四人とも、目を見開いてオレを凝視している。
初めに反応したのは恭四だ。眉間に皺を寄せ、口角を上げた表情で聞いてくる。
「おいおいおい。ゲーム? マジで言ってんの?」
想定内の反応だ。即答える。
「マジだ」
恭四が笑みを消す。前のめりに確認してくる。
「マジかよ……! すげぇ!」
……結構、信じるタイプなんだな。こんな……頗る中二病な案件を鵜呑みにするとか「こいつ大丈夫なのか?」と心配になってくる。オレなら、まず信じねーよ。それとも単に、器のデカい奴なのか?
「なるほど? 興味深いね」
仁が発言する。相変わらず、気怠そうな雰囲気を漂わせている。
奴の首にはヘッドホンが掛かっていて、シャカシャカした音漏れが酷い。
仁は……紫織の前だと、めちゃくちゃ甘い笑顔を振り撒いている癖に。オレらの前では表情を動かすのも疲れるとか思ってそーな顔をしているよな。

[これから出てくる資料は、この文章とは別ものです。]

(* Let $n,G$ be positive integers with $2^n$ dividing $G$, let $H=G/2^n$, and let $X=\{A\subseteq G: |A|=H\}$. For $\mathcal A\subseteq X$ define \[\|\mathcal A\|_2=\min\{|x| : x\subseteq G \text{ and } x\not\subseteq a \text{ for all } a\in\mathcal A\}.\] Let $k$ be an integer with $1\leq k\leq H$. If $\mathcal A\subseteq X$ is non-empty and $\|\mathcal A\|_2\leq k$, then \[\frac{|\mathcal A|}{|X|}\leq 1-\prod_{i=0}^{k-1}\frac{H-i}{G-i}.\] Moreover, there is a set $\mathcal A^*\subseteq X$ with $\|\mathcal A^*\|_2=k$ for which equality holds in this inequality.
   Context: Natural numbers are identified with the set of their predecessors, so $G=\{0,1,\ldots,G-1\}$ and $X$ is the family of all $H$-element subsets of $G$. *)

From mathcomp Require Import all_boot all_order all_algebra.
Set Implicit Arguments. Unset Strict Implicit. Unset Printing Implicit Defensive.
Import Order.TTheory GRing.Theory Num.Theory.

(* The ground set G = {0,...,G-1} is the finite type 'I_G. *)

Definition ksets (G H : nat) : {set {set 'I_G}} := [set A : {set 'I_G} | #|A| == H].

(* ||F||_2 = min { |x| : x subset of G, x not contained in any a in F }.
   (The min is over a finite set; if that set were empty the value would be G.+1,
    but this never happens for the families considered, since the full set
    [set: 'I_G] is not contained in any H-subset when H < G.) *)
Definition norm2 (G : nat) (F : {set {set 'I_G}}) : nat :=
  \big[minn/G.+1]_(x : {set 'I_G} | [forall a in F, ~~ (x \subset a)]) #|x|.

From HB Require Import structures.
From mathcomp Require Import all_boot all_order all_algebra.
From mathcomp Require Import zify ring.
Import Order.TTheory GRing.Theory Num.Theory.
Set Implicit Arguments. Unset Strict Implicit. Unset Printing Implicit Defensive.

(* If [norm2 F <= k], some set [x] with [|x| <= k] lies in no member of [F], so [F]
   misses every H-set containing [x].  These form a fraction
   [C(G - |x|, H - |x|) / C(G, H) = prod_(i < |x|) (H - i) / (G - i)] of all H-sets,
   and the product only decreases as [|x|] grows to [k].  Equality holds for the
   family of H-sets not containing a fixed k-set [x]: a set [y] smaller than [x]
   misses some [z] in [x], and [y] extends to an H-set avoiding [z], which belongs
   to the family; hence the family has norm exactly [k]. *)

Section FiniteSets.
Variable T : finType.
Implicit Types (x y C : {set T}).

Lemma exists_card_between y C m : y \subset C -> (#|y| <= m <= #|C|)%N ->
  exists a : {set T}, [/\ y \subset a, a \subset C & #|a| = m].
Proof.
move=> yC /andP[ym mC].
have : (0 < #|[set b : {set T} | b \subset C :\: y & #|b| == m - #|y|]|)%N.
  by rewrite cards_draws bin_gt0 cardsD (setIidPr yC) leq_sub2r.
rewrite card_gt0 => /set0Pn[b]; rewrite inE subsetD => /andP[/andP[bC bNy] /eqP bm].
exists (y :|: b); split; [exact: subsetUl | by rewrite subUset yC | ].
rewrite disjoint_sym in bNy.
by rewrite cardsU (disjoint_setI0 bNy) cards0 subn0 bm subnKC.
Qed.

Lemma card_supsets x m : (#|x| <= m)%N ->
  #|[set a : {set T} | #|a| == m & x \subset a]| = 'C(#|T| - #|x|, m - #|x|).
Proof.
move=> xm.
have -> : [set a : {set T} | #|a| == m & x \subset a] =
    (fun b => b :|: x) @: [set b : {set T} | b \subset ~: x & #|b| == m - #|x|].
  apply/setP => a; rewrite inE; apply/andP/imsetP => [[/eqP am xa] | [b]].
    exists (a :\: x); last by rewrite -{1}(setID a x) (setIidPr xa) setUC.
    by rewrite inE subsetDr cardsD (setIidPr xa) am /=.
  rewrite inE -disjoints_subset => /andP[bx /eqP bm] ->.
  split; last exact: subsetUr.
  by rewrite cardsU (disjoint_setI0 bx) cards0 subn0 bm subnK.
rewrite card_in_imset; first by rewrite cards_draws cardsCs setCK.
move=> b1 b2; rewrite !inE -!disjoints_subset => /andP[b1x _] /andP[b2x _] e.
have setUDK (b : {set T}) : [disjoint b & x] -> (b :|: x) :\: x = b.
  by move=> bx; rewrite setDUl setDv setU0 (setDidPl bx).
by rewrite -(setUDK _ b1x) e setUDK.
Qed.
End FiniteSets.

Definition uncovered (G : nat) (F : {set {set 'I_G}}) (x : {set 'I_G}) :=
  [forall a in F, ~~ (x \subset a)].

HB.instance Definition _ := SemiGroup.isComLaw.Build nat minn minnA minnC.

Section Norm2.
Variable G : nat.
Implicit Types (F : {set {set 'I_G}}) (x : {set 'I_G}).

Lemma norm2_le F x : uncovered F x -> (norm2 F <= #|x|)%N.
Proof. by move=> Fx; rewrite /norm2 (bigD1 x) //= geq_minl. Qed.

Lemma norm2_ge F k : (k <= G.+1)%N ->
  (forall y, uncovered F y -> k <= #|y|)%N -> (k <= norm2 F)%N.
Proof.
move=> kG Fk; apply: (big_ind (fun m => k <= m)%N) => //.
by move=> m1 m2; rewrite leq_min => -> ->.
Qed.

Lemma norm2_leP F k : (k <= G)%N ->
  reflect (exists2 x, uncovered F x & #|x| <= k)%N (norm2 F <= k)%N.
Proof.
move=> kG; apply: (iffP idP) => [|[x Fx xk]]; last exact: leq_trans (norm2_le Fx) xk.
move=> normF; apply/exists_inP; apply: contraTT normF.
rewrite negb_exists_in => /forall_inP noFx; rewrite -ltnNge.
by apply: norm2_ge => // y Fy; rewrite ltnNge; apply: noFx.
Qed.
End Norm2.

Section DrawRatio.
Variable R : numFieldType.
Local Open Scope ring_scope.

Lemma bin_ratio_prod (G H j : nat) : (j <= H <= G)%N ->
  ('C(G - j, H - j)%:R / 'C(G, H)%:R : R) =
  \prod_(i < j) ((H - i)%:R / (G - i)%:R).
Proof.
elim: j => [|j IH] /andP[jH HG].
  by rewrite !subn0 big_ord0 divff // pnatr_eq0 -lt0n bin_gt0.
rewrite big_ord_recr /= -IH ?HG ?(ltnW jH) //.
have Gj : (G - j)%:R != 0 :> R by rewrite pnatr_eq0 subn_eq0 -ltnNge (leq_trans jH HG).
have := mul_bin_diag (G - j) (H - j.+1).
have -> : (G - j).-1 = (G - j.+1)%N by lia.
have -> : (H - j.+1).+1 = (H - j)%N by lia.
move=> Pascal.
have -> : 'C(G - j.+1, H - j.+1)%:R = 'C(G - j, H - j)%:R * (H - j)%:R / (G - j)%:R :> R.
  by rewrite -natrM mulnC -Pascal natrM mulrC mulKf.
by ring.
Qed.

Lemma prod_ratio_antitone (G H j k : nat) : (H <= G)%N -> (j <= k)%N ->
  \prod_(i < k) ((H - i)%:R / (G - i)%:R) <= \prod_(i < j) ((H - i)%:R / (G - i)%:R) :> R.
Proof.
move=> HG jk; set f := fun i : nat => (H - i)%:R / (G - i)%:R : R.
have f01 i : 0 <= f i <= 1.
  rewrite /f divr_ge0 ?ler0n //=; have [->|Gi] := eqVneq (G - i)%N 0%N.
    by rewrite invr0 mulr0.
  by rewrite ler_pdivrMr ?ltr0n ?lt0n // mul1r ler_nat leq_sub2r.
rewrite -!(big_mkord xpredT f) (big_cat_nat (leq0n j) jk) /=.
rewrite ler_piMr ?prodr_ge0 ?prodr_ile1 // => i _; first by case/andP: (f01 i).
Qed.
End DrawRatio.

Definition ksets_above (G H : nat) (x : {set 'I_G}) : {set {set 'I_G}} :=
  [set a in ksets G H | x \subset a].

Section KSets.
Variables G H : nat.
Implicit Types (F : {set {set 'I_G}}) (x y : {set 'I_G}).
Local Notation X := (ksets G H).
Local Notation notabove x := (X :\: ksets_above H x).

Lemma card_ksets : #|X| = 'C(G, H).
Proof. by rewrite card_draws card_ord. Qed.

Lemma card_ksets_above x : (#|x| <= H)%N -> #|ksets_above H x| = 'C(G - #|x|, H - #|x|).
Proof.
move=> xH; rewrite -[G in 'C(G - _, _)]card_ord -card_supsets //.
by apply: eq_card => a; rewrite !inE.
Qed.

Lemma ratio_ksets_notabove (R : numFieldType) x : (#|x| <= H <= G)%N ->
  ((#|notabove x|%:R / #|X|%:R : R) = 1 - \prod_(i < #|x|) ((H - i)%:R / (G - i)%:R))%R.
Proof.
move=> /andP[xH HG].
have aboveX : ksets_above H x \subset X by apply/subsetP => a; rewrite inE => /andP[].
rewrite cardsD (setIidPr aboveX) natrB ?subset_leq_card // mulrBl divff; last first.
  by rewrite card_ksets pnatr_eq0 -lt0n bin_gt0.
by rewrite card_ksets_above // card_ksets bin_ratio_prod ?xH.
Qed.

Lemma uncovered_notabove x : uncovered (notabove x) x.
Proof. by apply/forall_inP => a; rewrite !inE; case: (x \subset a); rewrite ?andbT ?andNb. Qed.

Lemma ratio_le_of_norm2_le (R : numFieldType) F k : F \subset X ->
  (norm2 F <= k <= H)%N -> (H <= G)%N ->
  ((#|F|%:R / #|X|%:R : R) <= 1 - \prod_(i < k) ((H - i)%:R / (G - i)%:R))%R.
Proof.
move=> FX /andP[Fk kH] HG.
have /(norm2_leP F (leq_trans kH HG))[x /forall_inP Fx xk] := Fk.
have F_notabove : F \subset notabove x.
  apply/subsetP => a aF; have := subsetP FX a aF.
  by rewrite !inE => ->; rewrite andbT Fx.
apply: (@le_trans _ _ (#|notabove x|%:R / #|X|%:R)%R).
  by rewrite ler_wpM2r ?invr_ge0 ?ler0n // ler_nat subset_leq_card.
rewrite ratio_ksets_notabove ?HG ?(leq_trans xk kH) // lerD2l lerN2.
exact: prod_ratio_antitone.
Qed.

Hypothesis HG : (H < G)%N.

Lemma notabove_cover x y : ~~ (x \subset y) -> (#|y| <= H)%N ->
  exists2 a, a \in notabove x & y \subset a.
Proof.
case/subsetPn => z zx zy yH.
have yCz : y \subset ~: [set z] by rewrite subsetC sub1set inE.
have yHz : (#|y| <= H <= #|[set~ z]|)%N.
  by rewrite yH cardsC1 card_ord -ltnS (ltn_predK HG).
have [a [ya aCz aH]] := exists_card_between yCz yHz.
exists a => //; rewrite !inE aH eqxx andbT /=; apply: contraTN aCz => xa.
by rewrite subsetC sub1set !inE negbK (subsetP xa).
Qed.

Lemma norm2_notabove x : (#|x| <= H)%N -> norm2 (notabove x) = #|x|.
Proof.
move=> xH; apply/eqP; rewrite eqn_leq norm2_le ?uncovered_notabove //=.
apply: norm2_ge => [|y /forall_inP yF]; first exact: leqW (leq_trans xH (ltnW HG)).
rewrite leqNgt; apply/negP => yx.
have xy : ~~ (x \subset y) by apply: contraL yx => /subset_leq_card; rewrite -leqNgt.
have [a aF ya] := notabove_cover xy (leq_trans (ltnW yx) xH).
by move: (yF a aF); rewrite ya.
Qed.

Lemma ratio_notabove_extremal (R : numFieldType) k : (k <= H)%N ->
  exists Fs : {set {set 'I_G}},
    [/\ Fs \subset X, norm2 Fs = k &
      ((#|Fs|%:R / #|X|%:R : R) = 1 - \prod_(i < k) ((H - i)%:R / (G - i)%:R))%R].
Proof.
move=> kH; have kG : (#|set0 : {set 'I_G}| <= k <= #|[set: 'I_G]|)%N.
  by rewrite cards0 cardsT card_ord (leq_trans kH (ltnW HG)).
have [x [_ _ xk]] := exists_card_between (sub0set setT) kG.
exists (notabove x).
by rewrite subsetDl norm2_notabove ?ratio_ksets_notabove ?xk ?kH ?(ltnW HG).
Qed.
End KSets.

Theorem proposition4p9 (n G : nat) :
  (0 < n)%N -> (0 < G)%N -> (2 ^ n %| G)%N ->
  forall k : nat, (1 <= k <= G %/ 2 ^ n)%N ->
  (forall F : {set {set 'I_G}},
      F \subset ksets G (G %/ 2 ^ n) -> F != set0 -> (norm2 F <= k)%N ->
      ((#|F|%:R / #|ksets G (G %/ 2 ^ n)|%:R : rat) <=
        1 - \prod_(i < k) (((G %/ 2 ^ n) - i)%:R / (G - i)%:R))%R)
  /\
  (exists Fs : {set {set 'I_G}},
      [/\ Fs \subset ksets G (G %/ 2 ^ n), norm2 Fs = k &
        (#|Fs|%:R / #|ksets G (G %/ 2 ^ n)|%:R : rat) =
        (1 - \prod_(i < k) (((G %/ 2 ^ n) - i)%:R / (G - i)%:R))%R]).
Proof.
move=> n_gt0 G_gt0 _ k /andP[_ kH].
have HG : (G %/ 2 ^ n < G)%N by rewrite ltn_Pdiv // -{1}(expn0 2) ltn_exp2l.
split; last exact: ratio_notabove_extremal.
move=> F FX _ Fk.
by apply: ratio_le_of_norm2_le; rewrite ?Fk ?kH ?(ltnW HG).
Qed.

「オレでも信じたくないくらいの……突拍子もない話なのに。信じるのか?」
逆にこっちから尋ねる。
めずらしく、仁の表情に笑みらしきものが浮かんでいる。
「ああ。世の中には、不思議な事象もあるからね」
過去に不思議な体験でもしたのだろうか? 神妙な物言いだった。
大きめの溜め息が聞こえて横を見る。
「面白い話だけど」
三弥は前置きの後に伏せていた眼差しを上げ、真っ直ぐに意見をぶつけてくる。
「それ、何の話? ゲームのストーリーをなぞった、中二病の世迷言にしか聞こえないんだけど。作り話だとしても、本当にこの世界が『そう』だとしても。笑えない」
冷たい一瞥を残し自分の席へ戻って行く後ろ姿を、呆然と眺める。三弥の言い分にも納得する部分がある。
「僕も、俄かには信じられないと思っていました」
言われて視線を戻す。
オレと向かい合う位置の席に座り、成り行きを見ていた賢吾の……様子がおかしい。頻りに眼鏡を押し上げている。